Your instructions. Your answer must be the line holding "Implicit Types (br" followed by every later line through the end of the entries, exactly as written.

Data records:
BEGIN
(* Let $\mathfrak{n}$ be the real $7$-dimensional Lie algebra with basis $e_1,\dots,e_7$ whose nonzero brackets (up to antisymmetry) are $[e_1,e_2]=e_4$, $[e_1,e_4]=e_6$, $[e_1,e_5]=-e_7$, $[e_1,e_6]=e_7$, $[e_2,e_3]=e_5$, $[e_2,e_5]=e_7$, $[e_3,e_4]=e_7$. Then $\mathfrak{n}$ is not an Einstein nilradical.
   Context: A real nilpotent Lie algebra $\mathfrak{n}$ is called an Einstein nilradical if it admits an inner product such that the left-invariant Riemannian metric it defines on the simply connected nilpotent Lie group with Lie algebra $\mathfrak{n}$ is a nilsoliton, i.e. its Ricci operator satisfies $\mathrm{Ric}=c\,\mathrm{Id}+D$ for some $c\in\mathbb{R}$ and some derivation $D$ of $\mathfrak{n}$. Brackets of basis elements not listed are zero. *)

From HB Require Import structures.
From mathcomp Require Import all_boot all_order all_algebra.
From mathcomp Require Import reals.
Set Implicit Arguments. Unset Strict Implicit. Unset Printing Implicit Defensive.
Import Order.TTheory GRing.Theory Num.Theory.
Local Open Scope ring_scope.

(* An inner product on R^n is encoded by a basis F (rows of an invertible
   matrix), namely the unique inner product for which the rows of F are
   orthonormal; every inner product arises this way. *)

Section MetricLie.
Variables (R : realType) (n : nat).
Implicit Types (br : 'rV[R]_n -> 'rV[R]_n -> 'rV[R]_n) (F : 'M[R]_n).

Definition ip F (x y : 'rV[R]_n) : R :=
  ((x *m invmx F) *m (y *m invmx F)^T) 0 0.

(* matrix of ad x (row-vector convention: y *m admx x = [x, y]) *)
Definition admx br (x : 'rV[R]_n) : 'M[R]_n :=
  \matrix_(i < n) br x (delta_mx 0 i).

Definition killing br (x y : 'rV[R]_n) : R := \tr (admx br x *m admx br y).

(* mean curvature vector H : <H, x> = tr (ad x) *)
Definition meancurv br F : 'rV[R]_n :=
  \sum_(i < n) (\tr (admx br (row i F))) *: row i F.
END
Response to the exercise.
Implicit Types (br : 'rV[R]_n -> 'rV[R]_n -> 'rV[R]_n) (F : 'M[R]_n).

Definition ip F (x y : 'rV[R]_n) : R :=
  ((x *m invmx F) *m (y *m invmx F)^T) 0 0.

(* matrix of ad x (row-vector convention: y *m admx x = [x, y]) *)
Definition admx br (x : 'rV[R]_n) : 'M[R]_n :=
  \matrix_(i < n) br x (delta_mx 0 i).

Definition killing br (x y : 'rV[R]_n) : R := \tr (admx br x *m admx br y).

(* mean curvature vector H : <H, x> = tr (ad x) *)
Definition meancurv br F : 'rV[R]_n :=
  \sum_(i < n) (\tr (admx br (row i F))) *: row i F.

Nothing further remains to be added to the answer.